> _The problem_
Copy exactly the lines from the one containing "move=> abc minors0." through the last line of the records, both included, and nothing more.

[Input data — start]

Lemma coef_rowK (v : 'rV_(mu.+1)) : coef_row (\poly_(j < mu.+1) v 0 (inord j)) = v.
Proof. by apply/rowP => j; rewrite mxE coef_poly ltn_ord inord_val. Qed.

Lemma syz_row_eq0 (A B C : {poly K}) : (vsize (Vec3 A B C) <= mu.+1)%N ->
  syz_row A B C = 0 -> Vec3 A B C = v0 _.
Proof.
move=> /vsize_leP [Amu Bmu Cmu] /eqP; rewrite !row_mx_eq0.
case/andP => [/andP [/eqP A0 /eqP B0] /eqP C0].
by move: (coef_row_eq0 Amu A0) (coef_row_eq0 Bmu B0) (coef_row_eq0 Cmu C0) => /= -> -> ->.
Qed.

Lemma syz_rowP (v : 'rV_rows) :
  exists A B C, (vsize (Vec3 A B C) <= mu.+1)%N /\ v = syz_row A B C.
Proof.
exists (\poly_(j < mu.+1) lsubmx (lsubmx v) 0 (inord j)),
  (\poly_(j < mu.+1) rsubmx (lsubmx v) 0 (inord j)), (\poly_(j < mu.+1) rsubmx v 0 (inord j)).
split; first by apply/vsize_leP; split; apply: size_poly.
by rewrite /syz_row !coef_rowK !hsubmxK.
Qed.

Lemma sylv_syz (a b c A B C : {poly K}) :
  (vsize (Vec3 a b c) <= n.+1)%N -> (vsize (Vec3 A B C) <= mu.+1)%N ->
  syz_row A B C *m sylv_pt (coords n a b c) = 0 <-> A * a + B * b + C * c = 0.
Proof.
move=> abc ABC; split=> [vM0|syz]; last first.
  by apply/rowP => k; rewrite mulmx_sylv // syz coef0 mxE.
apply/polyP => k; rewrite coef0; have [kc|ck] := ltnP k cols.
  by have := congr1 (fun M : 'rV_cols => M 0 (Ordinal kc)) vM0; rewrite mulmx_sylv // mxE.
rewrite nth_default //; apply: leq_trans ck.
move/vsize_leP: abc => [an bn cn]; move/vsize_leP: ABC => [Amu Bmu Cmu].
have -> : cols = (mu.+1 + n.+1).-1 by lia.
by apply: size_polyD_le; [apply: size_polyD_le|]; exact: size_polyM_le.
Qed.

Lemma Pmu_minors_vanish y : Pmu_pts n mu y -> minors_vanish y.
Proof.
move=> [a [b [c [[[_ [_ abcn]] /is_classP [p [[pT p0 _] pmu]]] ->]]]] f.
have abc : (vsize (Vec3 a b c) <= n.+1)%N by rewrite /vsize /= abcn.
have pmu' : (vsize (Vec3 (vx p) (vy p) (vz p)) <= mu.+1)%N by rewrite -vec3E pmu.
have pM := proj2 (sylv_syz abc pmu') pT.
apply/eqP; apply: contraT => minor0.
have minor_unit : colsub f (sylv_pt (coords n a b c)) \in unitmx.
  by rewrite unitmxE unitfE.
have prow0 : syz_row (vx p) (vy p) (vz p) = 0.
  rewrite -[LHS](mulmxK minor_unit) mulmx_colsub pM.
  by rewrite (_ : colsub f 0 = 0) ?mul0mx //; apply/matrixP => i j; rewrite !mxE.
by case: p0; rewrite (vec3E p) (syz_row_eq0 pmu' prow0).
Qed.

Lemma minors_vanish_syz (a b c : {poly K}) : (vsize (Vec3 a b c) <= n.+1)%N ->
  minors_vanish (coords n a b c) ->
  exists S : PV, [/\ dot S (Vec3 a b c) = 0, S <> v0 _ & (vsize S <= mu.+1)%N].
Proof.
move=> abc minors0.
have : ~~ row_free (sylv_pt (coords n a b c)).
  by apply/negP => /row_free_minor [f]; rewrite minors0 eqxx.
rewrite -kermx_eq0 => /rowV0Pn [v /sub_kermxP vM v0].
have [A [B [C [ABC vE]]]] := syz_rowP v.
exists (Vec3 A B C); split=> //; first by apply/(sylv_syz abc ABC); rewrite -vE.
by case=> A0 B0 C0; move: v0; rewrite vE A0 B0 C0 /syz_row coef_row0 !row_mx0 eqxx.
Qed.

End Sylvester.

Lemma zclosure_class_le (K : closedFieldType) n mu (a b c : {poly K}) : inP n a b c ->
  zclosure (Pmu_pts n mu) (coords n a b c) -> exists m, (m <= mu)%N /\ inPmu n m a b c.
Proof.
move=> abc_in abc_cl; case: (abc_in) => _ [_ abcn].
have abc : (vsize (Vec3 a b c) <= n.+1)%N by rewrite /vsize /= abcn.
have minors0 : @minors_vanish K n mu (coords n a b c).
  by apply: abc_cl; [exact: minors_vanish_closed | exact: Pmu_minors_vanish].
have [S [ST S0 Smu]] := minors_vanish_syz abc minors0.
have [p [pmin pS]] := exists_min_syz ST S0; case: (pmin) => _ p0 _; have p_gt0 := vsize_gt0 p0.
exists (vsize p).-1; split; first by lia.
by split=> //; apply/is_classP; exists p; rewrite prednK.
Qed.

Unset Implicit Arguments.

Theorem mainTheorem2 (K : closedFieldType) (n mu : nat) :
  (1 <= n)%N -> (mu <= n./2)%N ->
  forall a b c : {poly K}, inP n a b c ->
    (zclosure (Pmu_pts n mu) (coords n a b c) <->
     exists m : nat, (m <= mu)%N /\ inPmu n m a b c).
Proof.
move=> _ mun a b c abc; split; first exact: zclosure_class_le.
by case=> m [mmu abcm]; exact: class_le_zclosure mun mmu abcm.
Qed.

[Input data — finish]

> _Answer for this exercise_
move=> abc minors0.
have : ~~ row_free (sylv_pt (coords n a b c)).
  by apply/negP => /row_free_minor [f]; rewrite minors0 eqxx.
rewrite -kermx_eq0 => /rowV0Pn [v /sub_kermxP vM v0].
have [A [B [C [ABC vE]]]] := syz_rowP v.
exists (Vec3 A B C); split=> //; first by apply/(sylv_syz abc ABC); rewrite -vE.
by case=> A0 B0 C0; move: v0; rewrite vE A0 B0 C0 /syz_row coef_row0 !row_mx0 eqxx.
Qed.

End Sylvester.

Lemma zclosure_class_le (K : closedFieldType) n mu (a b c : {poly K}) : inP n a b c ->
  zclosure (Pmu_pts n mu) (coords n a b c) -> exists m, (m <= mu)%N /\ inPmu n m a b c.
Proof.
move=> abc_in abc_cl; case: (abc_in) => _ [_ abcn].
have abc : (vsize (Vec3 a b c) <= n.+1)%N by rewrite /vsize /= abcn.
have minors0 : @minors_vanish K n mu (coords n a b c).
  by apply: abc_cl; [exact: minors_vanish_closed | exact: Pmu_minors_vanish].
have [S [ST S0 Smu]] := minors_vanish_syz abc minors0.
have [p [pmin pS]] := exists_min_syz ST S0; case: (pmin) => _ p0 _; have p_gt0 := vsize_gt0 p0.
exists (vsize p).-1; split; first by lia.
by split=> //; apply/is_classP; exists p; rewrite prednK.
Qed.

Unset Implicit Arguments.

Theorem mainTheorem2 (K : closedFieldType) (n mu : nat) :
  (1 <= n)%N -> (mu <= n./2)%N ->
  forall a b c : {poly K}, inP n a b c ->
    (zclosure (Pmu_pts n mu) (coords n a b c) <->
     exists m : nat, (m <= mu)%N /\ inPmu n m a b c).
Proof.
move=> _ mun a b c abc; split; first exact: zclosure_class_le.
by case=> m [mmu abcm]; exact: class_le_zclosure mun mmu abcm.
Qed.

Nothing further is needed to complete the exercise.